Turning to data and technology
Taking the goals set out at COP26 as just one example, it’s clear that moving in a direction towards sustainability and tackling climate change is top of the agenda for the financial services. However, whilst the intention to drive sustainable finance is key, the real question is ‘how financial institutions can successfully achieve this transition?’. The answer, we believe, lies in data and technology.
Whilst some financial institutions that have moved to the cloud have reaped the rewards with access to integrated data, those that haven’t face a challenge of disparate and siloed data. Now, following years of never having to consider it, financial institutions need to bring in a whole new data set centred around climate and sustainability. Ensuring access to this data is going to be fundamental to facilitating sustainable investments and evidencing that what has been done has had a positive outcome on the climate. This is where embracing new and flexible technology platforms that drive ESG initiatives is crucial.
The role of partnerships
According to recent research from nCino, nearly half (44%) of financial organisations are adopting technology to better respond to ESG trends. With the right technology in place, banks and other financial institutions can easily add additional data points for the finance they are evaluating and issuing. Non-financial covenants – such as the amount of CO2 emissions avoided or clean energy megawatts hours generated – can be tracked against a particular piece of finance. For example, if a bank is financing a wind farm, technology platforms can help make sense of the metrics and external data integrations can track commitments relating to that finance.
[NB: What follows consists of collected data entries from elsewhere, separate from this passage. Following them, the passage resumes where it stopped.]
Lemma copies_rank_mono (X Y : {set 'I_n * 'I_q}) :
  X \subset Y -> copies_rank X <= copies_rank Y.
Proof.
move=> sXY; apply: leq_sum => j _; apply: subset_leq_rank => //.
by apply/subsetP => s; rewrite !inE => /(subsetP sXY).
Qed.

Lemma copies_rank_submod (X Y : {set 'I_n * 'I_q}) :
  copies_rank (X :|: Y) + copies_rank (X :&: Y) <= copies_rank X + copies_rank Y.
Proof.
rewrite /copies_rank -!big_split /=; apply: leq_sum => j _.
have -> : slice (X :|: Y) j = slice X j :|: slice Y j by apply/setP => s; rewrite !inE.
have -> : slice (X :&: Y) j = slice X j :&: slice Y j by apply/setP => s; rewrite !inE.
exact: rank_submod.
Qed.

Lemma copies_rank0 : copies_rank set0 = 0.
Proof.
rewrite /copies_rank big1 // => j _.
have -> : slice set0 j = set0 by apply/setP => s; rewrite !inE.
exact: rank0.
Qed.

Definition drop_colour (F : 'I_n -> {set 'I_q}) (s0 : 'I_n) (j : 'I_q) :
  'I_n -> {set 'I_q} := fun s => if s == s0 then F s0 :\ j else F s.

Lemma drop_colour_sub (F : 'I_n -> {set 'I_q}) s0 j s :
  drop_colour F s0 j s \subset F s.
Proof. by rewrite /drop_colour; case: eqP => [->|_]; [apply: subsetDl|]. Qed.

Lemma drop_colour_sum (S : {set 'I_n}) (F : 'I_n -> {set 'I_q}) s0 j :
  s0 \in S -> j \in F s0 ->
  (\sum_(s in S) #|drop_colour F s0 j s|).+1 = \sum_(s in S) #|F s|.
Proof.
move=> Ss0 Fj; rewrite (bigD1 s0) //= [RHS](bigD1 s0) //= /drop_colour eqxx.
rewrite (cardsD1 j (F s0)) Fj add1n; congr (_ + _).+1.
by apply: eq_bigr => s /andP[_ /negPf ->].
Qed.

Lemma rado_cond_violator (S J : {set 'I_n}) (F : 'I_n -> {set 'I_q}) s0 j :
  rado_cond S F -> J \subset S ->
  copies_rank (colour_graph (drop_colour F s0 j) J) < #|J| -> s0 \in J.
Proof.
move=> /rado_condP radoF sJS; apply: contraLR => Js0; rewrite -leqNgt.
suff -> : colour_graph (drop_colour F s0 j) J = colour_graph F J by apply: radoF.
apply/setP => -[s i]; rewrite !inE /= /drop_colour.
by case: eqP => [->|//]; rewrite (negPf Js0).
Qed.
Lemma iter_addf_binomial (f g : {additive V -> V}) :
    (forall v, f (g v) = g (f v)) ->
  forall n v, iter n (fun v => f v + g v) v =
    \sum_(i < n.+1) iter (n - i) f (iter i g v) *+ 'C(n, i).
Proof.
move=> fg n v; elim: n => [|n IHn]; first by rewrite big_ord1.
have g_iter m u : g (iter m f u) = iter m f (g u).
  by elim: m => //= m IHm; rewrite -fg IHm.
set d := fun i => iter (n.+1 - i) f (iter i g v).
transitivity (\sum_(i < n.+2) d i *+ 'C(n.+1, i)); last by [].
rewrite [LHS]/= IHn !raddf_sum.
rewrite (eq_bigr (fun i : 'I_n.+1 => d i *+ 'C(n, i))); last first.
  by move=> i _; rewrite raddfMn /d subSn // -ltnS.
rewrite [X in _ + X](eq_bigr (fun i : 'I_n.+1 => d i.+1 *+ 'C(n, i))); last first.
  by move=> i _; rewrite raddfMn g_iter.
have shift : \sum_(i < n.+1) d i *+ 'C(n, i) =
    d 0%N + \sum_(i < n.+1) d i.+1 *+ 'C(n, i.+1).
  rewrite big_ord_recl [X in _ = _ + X]big_ord_recr /=.
  by rewrite (bin_small (ltnSn n)) mulr0n addr0 bin0 mulr1n.
rewrite shift [RHS]big_ord_recl bin0 mulr1n -addrA -big_split.
by apply: congr2 => //; apply: eq_bigr => i _; rewrite lift0 binS mulrnDr.
Qed.

Lemma iter_raddfD (f : {additive V -> V}) n :
  {morph iter n f : a b / a + b}.
Proof. by elim: n => //= n IHn a b; rewrite /= IHn raddfD. Qed.

Lemma iter_raddf0 (f : {additive V -> V}) n : iter n f 0 = 0.
Proof. by elim: n => //= n ->; rewrite raddf0. Qed.
End SumTheory.

(* rat.v proves that ratr is a ring morphism only into numFieldTypes;
   characteristic zero is enough. *)
Section RatEmbedding.
Variables (F : fieldType) (F0 : [pchar F] =i pred0).
(* Let $\mathcal C$ be a single-mixed $\mathsf{B1}$-category satisfying $\Pi_{\mathbf t}=\mathrm{id}_{\mathbf t}$. Then for every map $f\colon A\to\mathbf t$ we have $f+\Pi_A=f$, and dually for every map $g\colon\mathbf f\to B$ we have $g+\amalg_B=g$.
   Context: A *-autonomous category is a symmetric monoidal category $(\mathcal C,\wedge,\mathbf t)$ with natural isomorphisms $\alpha,\sigma$, $\rho_A\colon A\wedge\mathbf t\to A$, $\lambda_A\colon\mathbf t\wedge A\to A$, a contravariant functor $A\mapsto\bar A$ with natural isomorphism $\bar{\bar A}\cong A$, and a natural bijection $\mathrm{Hom}(A\wedge B,C)\cong\mathrm{Hom}(A,\bar B\vee C)$, where $A\vee B:=\overline{\bar B\wedge\bar A}$, $\mathbf f:=\bar{\mathbf t}$; $\vee$ is symmetric monoidal with unit isomorphisms $\check\rho_A\colon A\vee\mathbf f\to A$, $\check\lambda_A\colon\mathbf f\vee A\to A$. Switch maps $s$ are the canonical natural maps $A\wedge(B\vee C)\to(A\wedge B)\vee C$ (and variants via symmetries) obtained by transposition. A $\mathsf{B1}$-category is a *-autonomous category such that (1) there is a Boolean algebra $\mathcal B$ and a function $F$ from objects to $\mathcal B$ with $F(A)\le F(B)$ iff $\mathrm{Hom}(A,B)\ne\emptyset$, and (2) every object $A$ carries a cocommutative $\wedge$-comonoid $\Delta_A\colon A\to A\wedge A$, $\Pi_A\colon A\to\mathbf t$ (coassociative, cocommutative, $\rho_A\circ(A\wedge\Pi_A)\circ\Delta_A=\mathrm{id}_A$). Dually every object carries a commutative $\vee$-monoid $\nabla_A\colon A\vee A\to A$, $\amalg_A\colon\mathbf f\to A$ (the duals of $\Delta_{\bar A},\Pi_{\bar A}$). The category is single-mixed if $\Pi_{\mathbf f}=\amalg_{\mathbf t}$; then with $e=\Pi_{\mathbf f}$ set $\mathrm{mix}_{A,B}:=(A\vee\lambda_B)\circ(A\vee(e\wedge B))\circ s\circ(\check\rho_A^{-1}\wedge B)\colon A\wedge B\to A\vee B$, and for $f,g\colon A\to B$ define $f+g:=\nabla_B\circ(f\vee g)\circ\mathrm{mix}_{A,A}\circ\Delta_A$. *)

From mathcomp Require Import all_boot all_order.

Set Implicit Arguments.
Unset Strict Implicit.
Unset Printing Implicit Defensive.

Import Order.Theory.

(* A \/ B := bar (bar B /\ bar A).  Hom-sets are types, with Leibniz        *)
(* equality of morphisms.                                                   *)

Record StarAut : Type := {
  Ob : Type;
  Hom : Ob -> Ob -> Type;
  comp : forall {A B C : Ob}, Hom B C -> Hom A B -> Hom A C;
  idm : forall (A : Ob), Hom A A;
  comp_idl : forall A B (f : Hom A B), comp (idm B) f = f;
  comp_idr : forall A B (f : Hom A B), comp f (idm A) = f;
  comp_assoc : forall A B C D (f : Hom A B) (g : Hom B C) (h : Hom C D),
      comp h (comp g f) = comp (comp h g) f;

  tens : Ob -> Ob -> Ob;
  tensm : forall {A A' B B' : Ob}, Hom A A' -> Hom B B' -> Hom (tens A B) (tens A' B');
  tensm_id : forall A B, tensm (idm A) (idm B) = idm (tens A B);
  tensm_comp : forall A A' A'' B B' B'' (f : Hom A A') (f' : Hom A' A'')
      (g : Hom B B') (g' : Hom B' B''),
      tensm (comp f' f) (comp g' g) = comp (tensm f' g') (tensm f g);
  unit : Ob;

  assoc : forall A B C, Hom (tens A (tens B C)) (tens (tens A B) C);
  assoc_inv : forall A B C, Hom (tens (tens A B) C) (tens A (tens B C));
  assoc_iso1 : forall A B C, comp (assoc_inv A B C) (assoc A B C) = idm _;
  assoc_iso2 : forall A B C, comp (assoc A B C) (assoc_inv A B C) = idm _;
  assoc_nat : forall A A' B B' C C' (f : Hom A A') (g : Hom B B') (h : Hom C C'),
      comp (assoc A' B' C') (tensm f (tensm g h))
      = comp (tensm (tensm f g) h) (assoc A B C);

  sym : forall A B, Hom (tens A B) (tens B A);
  sym_inv : forall A B, comp (sym B A) (sym A B) = idm _;
  sym_nat : forall A A' B B' (f : Hom A A') (g : Hom B B'),
      comp (sym A' B') (tensm f g) = comp (tensm g f) (sym A B);

  runit : forall A, Hom (tens A unit) A;
  runit_inv : forall A, Hom A (tens A unit);
  runit_iso1 : forall A, comp (runit_inv A) (runit A) = idm _;
  runit_iso2 : forall A, comp (runit A) (runit_inv A) = idm _;
  runit_nat : forall A A' (f : Hom A A'),
      comp (runit A') (tensm f (idm unit)) = comp f (runit A);
  lunit : forall A, Hom (tens unit A) A;
  lunit_inv : forall A, Hom A (tens unit A);
  lunit_iso1 : forall A, comp (lunit_inv A) (lunit A) = idm _;
  lunit_iso2 : forall A, comp (lunit A) (lunit_inv A) = idm _;
  lunit_nat : forall A A' (f : Hom A A'),
      comp (lunit A') (tensm (idm unit) f) = comp f (lunit A);

  pentagon : forall A B C D,
      comp (assoc_inv A B (tens C D)) (assoc_inv (tens A B) C D)
      = comp (tensm (idm A) (assoc_inv B C D))
          (comp (assoc_inv A (tens B C) D) (tensm (assoc_inv A B C) (idm D)));
  triangle : forall A B,
      comp (tensm (idm A) (lunit B)) (assoc_inv A unit B)
      = tensm (runit A) (idm B);
  hexagon : forall A B C,
      comp (assoc_inv B C A) (comp (sym A (tens B C)) (assoc_inv A B C))
      = comp (tensm (idm B) (sym A C))
          (comp (assoc_inv B A C) (tensm (sym A B) (idm C)));

  neg : Ob -> Ob;
  negm : forall {A B : Ob}, Hom A B -> Hom (neg B) (neg A);
  negm_id : forall A, negm (idm A) = idm (neg A);
  negm_comp : forall A B C (f : Hom A B) (g : Hom B C),
      negm (comp g f) = comp (negm f) (negm g);

  dn : forall A, Hom (neg (neg A)) A;
  dn_inv : forall A, Hom A (neg (neg A));
  dn_iso1 : forall A, comp (dn_inv A) (dn A) = idm _;
  dn_iso2 : forall A, comp (dn A) (dn_inv A) = idm _;
  dn_nat : forall A B (f : Hom A B), comp (dn B) (negm (negm f)) = comp f (dn A);

  (* natural bijection Hom(A /\ B, C) ~= Hom(A, bar B \/ C),
     where bar B \/ C = bar (bar C /\ bar bar B) *)
  cur : forall {A B C : Ob}, Hom (tens A B) C -> Hom A (neg (tens (neg C) (neg (neg B))));
  uncur : forall {A B C : Ob}, Hom A (neg (tens (neg C) (neg (neg B)))) -> Hom (tens A B) C;
  cur_uncur : forall A B C (g : Hom A (neg (tens (neg C) (neg (neg B))))), cur (uncur g) = g;
  uncur_cur : forall A B C (g : Hom (tens A B) C), uncur (cur g) = g;
  cur_nat_AC : forall A A' B C C' (f : Hom A' A) (g : Hom (tens A B) C) (h : Hom C C'),
      cur (comp h (comp g (tensm f (idm B))))
      = comp (negm (tensm (negm h) (idm (neg (neg B))))) (comp (cur g) f);
  cur_nat_B : forall A B B' C (k : Hom B' B) (g : Hom (tens A B) C),
      cur (comp g (tensm (idm A) k))
      = comp (negm (tensm (idm (neg C)) (negm (negm k)))) (cur g)
}.

Arguments Hom {s} _ _.
Arguments comp {s A B C} _ _.
Arguments idm {s} A.
Arguments tens {s} _ _.
Arguments tensm {s A A' B B'} _ _.
Arguments unit {s}.
Arguments assoc {s} A B C.
Arguments assoc_inv {s} A B C.
Arguments sym {s} A B.
Arguments runit {s} A.
Arguments runit_inv {s} A.
Arguments lunit {s} A.
Arguments lunit_inv {s} A.
Arguments neg {s} _.
Arguments negm {s A B} _.
Arguments dn {s} A.
Arguments dn_inv {s} A.
Arguments cur {s A B C} _.
Arguments uncur {s A B C} _.

Section Derived.
Variable C : StarAut.

Definition par (A B : Ob C) : Ob C := neg (tens (neg B) (neg A)).
Definition parm {A A' B B' : Ob C} (f : Hom A A') (g : Hom B B') :
  Hom (par A B) (par A' B') := negm (tensm (negm g) (negm f)).
Definition fls : Ob C := neg unit.

Definition rho_par (A : Ob C) : Hom (par A fls) A :=
  comp (dn A) (comp (negm (lunit_inv (neg A)))
                    (negm (tensm (dn_inv unit) (idm (neg A))))).
Definition rho_par_inv (A : Ob C) : Hom A (par A fls) :=
  comp (negm (tensm (dn unit) (idm (neg A))))
       (comp (negm (lunit (neg A))) (dn_inv A)).

Definition ev (A B : Ob C) : Hom (tens (par A B) (neg A)) B :=
  uncur (parm (dn_inv A) (idm B)).

Definition switch (A B D : Ob C) : Hom (tens (par A B) D) (par A (tens B D)) :=
  let k : Hom (tens (tens (par A B) D) (neg A)) (tens B D) :=
    comp (tensm (ev A B) (idm D))
      (comp (assoc (par A B) (neg A) D)
        (comp (tensm (idm (par A B)) (sym D (neg A)))
              (assoc_inv (par A B) D (neg A)))) in
  comp (parm (dn A) (idm (tens B D))) (cur k).

End Derived.

Arguments par {C} A B.
Arguments parm {C A A' B B'} f g.
Arguments fls {C}.
Arguments rho_par {C} A.
Arguments rho_par_inv {C} A.
Arguments ev {C} A B.
Arguments switch {C} A B D.
(* Let $d>1$, $e\geq 1$, $n\geq 1$. A basis of $H^\bullet(\Gamma(de,e,n);\mathbb{Q})$ is naturally indexed by the orbits, under the action of $W=G(de,e,n)$, of the set of invariant $de$-multigraphs with loops on $n$ vertices: for each orbit with representative $\Delta$, the class $\sum_{w\in W}w(\omega_\Delta)$ is nonzero, and these classes form a basis, the class of $\Delta$ having degree equal to the number of edges plus loops of $\Delta$.
   Context: For a finite complex reflection group $W$ with hyperplane set $\mathcal A$, $P=\pi_1(\mathbb{C}^\ell\setminus\bigcup\mathcal A)$, $B=\pi_1((\mathbb{C}^\ell\setminus\bigcup\mathcal A)/W)$, $\Gamma=B/[P,P]$; then $H^\bullet(\Gamma;\mathbb{Q})\cong\Lambda^\bullet(\mathbb{Q}\mathcal A)^W$, where the degree-one part has basis the forms $d\log$ of the hyperplanes' linear forms, permuted by $W$. $G(de,e,n)$ is the group of $n\times n$ monomial matrices with nonzero entries in $\mu_{de}$ whose product is a $d$-th root of unity; $\Gamma(de,e,n)$ is $\Gamma$ for it. Its hyperplanes are $z_i=\zeta z_j$ ($i<j$, $\zeta\in\mu_{de}$) and $z_i=0$. $\tilde K_n(de)$ is the multigraph on $\{1,\dots,n\}$ with $de$ edges between each pair $i<j$, labelled by $\mu_{de}$, and one unlabelled loop at each vertex; a $de$-multigraph with loops on $n$ vertices is a subgraph of $\tilde K_n(de)$ (subset of edges and loops). The edge $(i,j,\zeta)$ corresponds to $d\log(z_i-\zeta z_j)$, the loop at $i$ to $d\log(z_i)$, and $\Delta$ to the wedge product $\omega_\Delta$ of these forms, edges first in lexicographic order of $(i,j,\zeta)$ (for a fixed order of $\mu_{de}$), then loops. $W$ acts on such multigraphs through its action on hyperplanes. $\mathrm{Stab}_W(\Delta)$ is the subgroup of $W$ preserving $\Delta$; $\Delta$ is invariant if every element of $\mathrm{Stab}_W(\Delta)$ induces an even permutation of the set of edges and loops of $\Delta$. *)

From HB Require Import structures.
From mathcomp Require Import all_boot all_order all_algebra all_fingroup.
Set Implicit Arguments.
Unset Strict Implicit.
Unset Printing Implicit Defensive.
Import GRing.Theory Num.Theory.

(* Hyperplanes of G(de,e,n), with m = de and zeta = exp(2 i pi / m):
   inl (p, k) with p = (i,j), i < j : the hyperplane  z_i = zeta^k z_j
                                       (edge (i,j,zeta^k) of K~_n(de));
   inr i                              : the hyperplane  z_i = 0 (loop at i). *)
Notation Hyp n m :=
  ((({p : 'I_n * 'I_n | p.1 < p.2}) * 'I_m) + 'I_n)%type.

(* x mod m, as an element of 'I_m (m > 0 is witnessed by k0). *)
Definition modI (m : nat) (k0 : 'I_m) (x : nat) : 'I_m :=
  Ordinal (ltn_pmod x (leq_ltn_trans (leq0n k0) (ltn_ord k0))).

(* The hyperplane z_x = zeta^k z_y for x <> y, normalised so that the smaller
   index comes first (z_y = zeta^{-k} z_x when y < x).  The fallback [inr x]
   is only reached when x = y, which never happens below. *)
Definition edgeA (n m : nat) (x y : 'I_n) (k : 'I_m) : Hyp n m :=
  if x < y then
    match (insub (x, y) : option {p : 'I_n * 'I_n | p.1 < p.2}) with
    | Some p => inl (p, k) | None => inr x end
  else
    match (insub (y, x) : option {p : 'I_n * 'I_n | p.1 < p.2}) with
    | Some p => inl (p, modI k (m - k)) | None => inr x end.

(* An element (s, a) stands for the monomial matrix sending the basis vector
   e_j to zeta^(a j) e_(s j), i.e. (w z)_(s j) = zeta^(a j) z_j. *)
Definition Welt (n m : nat) := ({perm 'I_n} * {ffun 'I_n -> 'I_m})%type.

(* G(de,e,n): the product of the nonzero entries, zeta^(sum a), is a d-th
   root of unity iff de | d * sum a iff e | sum a. *)
Definition Wset (n d e : nat) : {set Welt n (d * e)} :=
  [set w : Welt n (d * e) | e %| \sum_(i < n) (w.2 i : nat)].

(* Action of w on hyperplanes: H |-> w(H).
   z_i = 0  maps to  y_(s i) = 0;
   z_i = zeta^k z_j  maps to  y_(s i) = zeta^(k + a i - a j) y_(s j). *)
Definition actA (n m : nat) (w : Welt n m) (H : Hyp n m) : Hyp n m :=
  match H with
  | inr i => inr (w.1 i)
  | inl (p, k) =>
      let i := (sval p).1 in let j := (sval p).2 in
      edgeA (w.1 i) (w.1 j) (modI k (k + w.2 i + (m - w.2 j)))
  end.

(* Total order on hyperplanes: edges in lexicographic order of (i,j,k)
   (mu_m ordered by exponent k), then loops (ordered by vertex). *)
Definition key (n m : nat) (H : Hyp n m) : nat :=
  match H with
  | inl (p, k) => ((sval p).1 * n + (sval p).2) * m + k
  | inr i => n * n * m + i
  end.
In the past, credit losses were the primary constraint on what FIs financed and what they put in their portfolios. Now, there is a whole new set of criteria including the most recent goals and targets from COP26. For FIs to successfully track their finance against climate goals and place limits on portfolios to ensure they are sustainable, it all comes down to having the right data. And it’s here that new, flexible technology can help to generate this and track it to make sure banks are living up to their commitments.
A future of sustainable finance
Looking back over the highlights from COP26 and the commitments being made, finance has a clear role to play in moving businesses, societies and countries towards a more sustainable future. It’s time for financial institutions to turn the tables and ensure that making sustainable investments is a priority. With the support of agile technology to help gather and report on the right data, there’s no reason for financial performance and sustainability to be mutually exclusive anymore.